Don't use " to enclose the variable values! This file includes the environment variables that will be used inside the container.
Modify the project name (core-iot-sensors) inside the docker-compose.yml to match your GCP project name.
Create a folder e.g. home-air-quality inside the VM using the SSH terminal.
```
mkdir home-air-quality
```
Upload the .env and docker-compose.yml to the folder using the Gear > Upload file option (see Fig. 9). If you don't see the .env file (linux), use the right-click on the file browser and activate the Show hidden Files option. The files will be uploaded to the $HOME folder, therefore you need to move them inside the folder:

Move the files inside the home-air-quality folder:

cd home-air-quality
mv ~/.env .
mv ~/docker-compose.yml .

Start the microservice application typing:
```
docker-compose up -d 
```
inside the folder where the docker-compose.yml file is located (see Fig. 10).

Fig. 10: Microservice application deployed dettached.

Fig. 11: Microservice application deployed in "debugging mode".

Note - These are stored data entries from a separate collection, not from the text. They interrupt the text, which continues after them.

(* The decomposition is an arbitrary choice; by left fibrancy the result does not depend
   on it, see [bs_act_cross]. *)
Definition bs_act (s : bstate) (l : letter X) : bstate :=
  match l with
  | LG u g =>
      match decide (u = brho B (bs_vertex s)) with
      | left H => BState (bs_syls s) (bs_vertex s) (bact_r (bs_elt s) (eq_rect _ PX g _ H))
      | right _ => s
      end
  | LE f =>
      match decide (vertex f), decide (exists t : telt B (bs_vertex s) f, tmap t = bs_elt s) with
      | right _, left Hex =>
          let t := proj1_sig (constructive_indefinite_description _ Hex) in
          bs_cross (bs_syls s) (bs_vertex s) f t
      | _, _ => s
      end
  end.

Definition bs_acts (s : bstate) (w : word X) : bstate := fold_left bs_act w s.

Definition bs_ok (s : bstate) : Prop := vertex (bs_vertex s) /\ reduced (bs_syls s).

Lemma BState_cast L v1 v2 (H : v1 = v2) b1 b2 :
  eq_rect _ PB b1 _ H = b2 -> BState L v1 b1 = BState L v2 b2.
Proof. destruct H; simpl; intros ->; reflexivity. Qed.

Lemma RWord_eta_cast (w : rword Y) z (H : rw_end w = z) :
  RWord (rw_syls w) z (eq_rect _ PY (rw_elt w) _ H) = w.
Proof. destruct w; simpl in *; destruct H; reflexivity. Qed.

Lemma bs_tensorE w v b (H : rw_end w = blam B v) :
  bs_tensor w v b = BState (rw_syls w) v (bact_l (eq_rect _ PY (rw_elt w) _ H) b).
Proof.
  unfold bs_tensor. destruct (decide (rw_end w = blam B v)) as [H'|]; [|contradiction].
  rewrite (cast_irr PY _ _ H' H); reflexivity.
Qed.

Lemma bs_tensor_syls w v b : bs_syls (bs_tensor w v b) = rw_syls w.
Proof. unfold bs_tensor; destruct decide; reflexivity. Qed.

Lemma bs_tensor_vertex w v b : bs_vertex (bs_tensor w v b) = v.
Proof. unfold bs_tensor; destruct decide; reflexivity. Qed.

Lemma bs_tensor_ok w v b : vertex v -> reduced (rw_syls w) -> bs_ok (bs_tensor w v b).
Proof. unfold bs_ok. rewrite bs_tensor_vertex, bs_tensor_syls. auto. Qed.

Lemma bs_tensor_LG w v b u k (Hw : rw_end w = blam B v) (Hu : u = blam B v) :
  bs_tensor (rw_act w (LG u k)) v b = bs_tensor w v (bact_l (eq_rect _ PY k _ Hu) b).
Proof.
  destruct w as [L z g]; simpl in Hw; subst z.
  rewrite (rw_act_LG _ _ _ _ _ Hu). unfold bs_tensor; simpl rw_end.
  destruct (decide (blam B v = blam B v)); [|contradiction]. simpl.
  rewrite !(cast_id PY), bact_l_mul. reflexivity.
Qed.

Lemma bs_act_LG L v b u k (H : u = brho B v) :
  bs_act (BState L v b) (LG u k) = BState L v (bact_r b (eq_rect _ PX k _ H)).
Proof.
  cbn [bs_act bs_vertex bs_syls bs_elt].
  destruct (decide (u = brho B v)) as [H'|]; [|contradiction].
  rewrite (cast_irr PX _ _ H' H); reflexivity.
Qed.

Lemma bs_act_vertex s f : vertex f -> bs_act s (LE f) = s.
Proof. intro vf. cbn [bs_act]. destruct (decide (vertex f)); [reflexivity|contradiction]. Qed.

Lemma bs_tensor_act_LG w v b u k (H : u = brho B v) :
  bs_act (bs_tensor w v b) (LG u k) = bs_tensor w v (bact_r b (eq_rect _ PX k _ H)).
Proof.
  unfold bs_tensor. destruct decide; rewrite (bs_act_LG _ _ _ _ _ H); [rewrite bact_lr|];
    reflexivity.
Qed.

Lemma cast_bact_l (u v : B) (H : u = v) g b :
  eq_rect u PB (bact_l g b) v H =
  bact_l (eq_rect _ PY g _ (f_equal (blam B) H)) (eq_rect u PB b v H).
Proof. destruct H; reflexivity. Qed.

Lemma cast_bdown (a b c : B) (H : a = b) (E : src a = c) (E' : src b = c) (x : bset B a) :
  eq_rect _ PB (bdown x) _ E = eq_rect _ PB (bdown (eq_rect _ PB x _ H)) _ E'.
Proof. destruct H; rewrite (proof_irrelevance _ E E'); reflexivity. Qed.

Lemma bup_l (e : B) h b (E : tgt (blam B e) = blam B (tgt e)) :
  bup (bact_l h b) = bact_l (eq_rect _ PY (gup h) _ E) (bup b).
Proof.
  unfold bup. rewrite bbar_l, bdown_l. f_equal. unfold gup. symmetry.
  apply (cast_gdown Y _ _ _ (eq_sym (gmap_bar (blam B) e))).
Qed.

If you want to stop the application, you have these two options:

This stops the containers but it doesn't remove anything:
```
docker-compose stop 
```
This stops the containers, removes them and removes any network connected to them.
```
docker-compose down 
```

If you stopped the containers and but actually you wanted to remove them, just type:

docker-compose rm

The rm or down option is needed if you've updated the images on the Container Registry. Otherwise, docker-compose restarts the stopped containers. Furthermore, you need to force the pull of the latest image or remove the old Docker images. Otherwise, Docker takes the local images and doesn't download the newest versions. To force a pull of the latest images, just type:

docker-compose pull

For debugging purposes, you can skip the detached option -d and deploy the application using:

docker-compose up

This gives you Fig. 11, in which you can see the debugging messages of the application. You can also stop the application pressing Ctrl+C (this doesn't remove the containers).

If everything works, you can check the data on the Firestore page in the Cloud Console (see Fig. 12).

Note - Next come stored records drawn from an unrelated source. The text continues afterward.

(* Let $\alpha,\beta>0$, $\tau>0$, and let $\{S_{\alpha,\beta}^n\}_{n\in\mathbb{N}_0}\subset\mathcal{B}(X)$ be a discrete $(\alpha,\beta)$-resolvent family generated by a closed linear operator $A$ on a Banach space $X$ (so that $\tau^{-\alpha}\in\rho(A)$). Let $R_\tau:=\tau^{-\alpha}(\tau^{-\alpha}-A)^{-1}$. Then for every $x\in X$, $$S_{\alpha,\beta}^0x=a_{0,1}R_\tau x,\qquad S_{\alpha,\beta}^1x=a_{1,1}R_\tau x+a_{1,2}R_\tau^2 x,$$ and for every $n\geq 2$, $$S_{\alpha,\beta}^nx=\sum_{j=1}^{n+1}a_{n,j}R_\tau^j x,$$ where the scalars $a_{n,l}$ are defined as follows (writing $k(\cdot)$ for $k^\alpha_\tau(\cdot)$): $a_{0,1}:=k_\tau^\beta(0)$, $a_{1,1}:=\big(k_\tau^\beta(1)k(0)-k_\tau^\beta(0)k(1)\big)k(0)^{-1}$, $a_{1,2}:=k_\tau^\beta(0)k(1)k(0)^{-1}$, and for $n\geq 2$: $a_{n,n+1}:=k(1)a_{n-1,n}k(0)^{-1}$; $a_{n,1}:=\Big(k_\tau^\beta(n)k(0)-\sum_{j=0}^{n-1}k(n-j)a_{j,1}\Big)k(0)^{-1}$; $a_{n,l}:=\Big(\sum_{j=l-2}^{n-1}k(n-j)a_{j,l-1}-\sum_{j=l-1}^{n-1}k(n-j)a_{j,l}\Big)k(0)^{-1}$ for $2\leq l\leq n$.
   Context: Fix a step size $\tau>0$. For $\gamma>0$ and $n\in\mathbb{N}_0$ let $k_\tau^\gamma(n):=\frac{\tau^{\gamma-1}\Gamma(\gamma+n)}{\Gamma(\gamma)\Gamma(n+1)}$ (so $k^\alpha_\tau(0)=\tau^{\alpha-1}\neq 0$). For $\alpha,\beta>0$, a sequence $\{S_{\alpha,\beta}^n\}_{n\in\mathbb{N}_0}\subset\mathcal{B}(X)$ is called a discrete $(\alpha,\beta)$-resolvent family generated by the closed operator $A:D(A)\subset X\to X$ if (1) $S^n_{\alpha,\beta}x\in D(A)$ for all $x\in X$, $n\in\mathbb N_0$, and $AS_{\alpha,\beta}^nx=S_{\alpha,\beta}^nAx$ for all $x\in D(A)$, $n\in\mathbb{N}_0$; (2) for every $x\in X$ and $n\in\mathbb{N}_0$, $S_{\alpha,\beta}^nx=k^\beta_\tau(n)x+\tau A\sum_{j=0}^n k^\alpha_\tau(n-j)S_{\alpha,\beta}^jx$. *)

From HB Require Import structures.
From mathcomp Require Import all_boot all_order all_algebra.
From mathcomp Require Import all_classical all_reals all_analysis.
Set Implicit Arguments. Unset Strict Implicit. Unset Printing Implicit Defensive.
Import Order.TTheory GRing.Theory Num.Theory.
Import numFieldNormedType.Exports.
Local Open Scope classical_set_scope.
Local Open Scope ring_scope.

Fig. 12: Firestore acquiring data from the microservice application.

Conclusions

This tutorial helps you to create a data pipeline from sensors running MicroPython and other data sources up to databases in the cloud. This is a follow-up from the last tutorial: MicroPython: Google Cloud Platform getting data from an M5Stack ATOM sensing the air-quality.
In this tutorial, you learn how to set up a virtual machine on GCP, install Docker container and run a microservice application to get data from different sources and synch it to save it in a NoSQL database. The following products from GCP were used in this tutorial:

The setup can run free using the "always free tier" offered by Google. The next tutorial will be about getting the saved data and displaying it on Google Data Studio!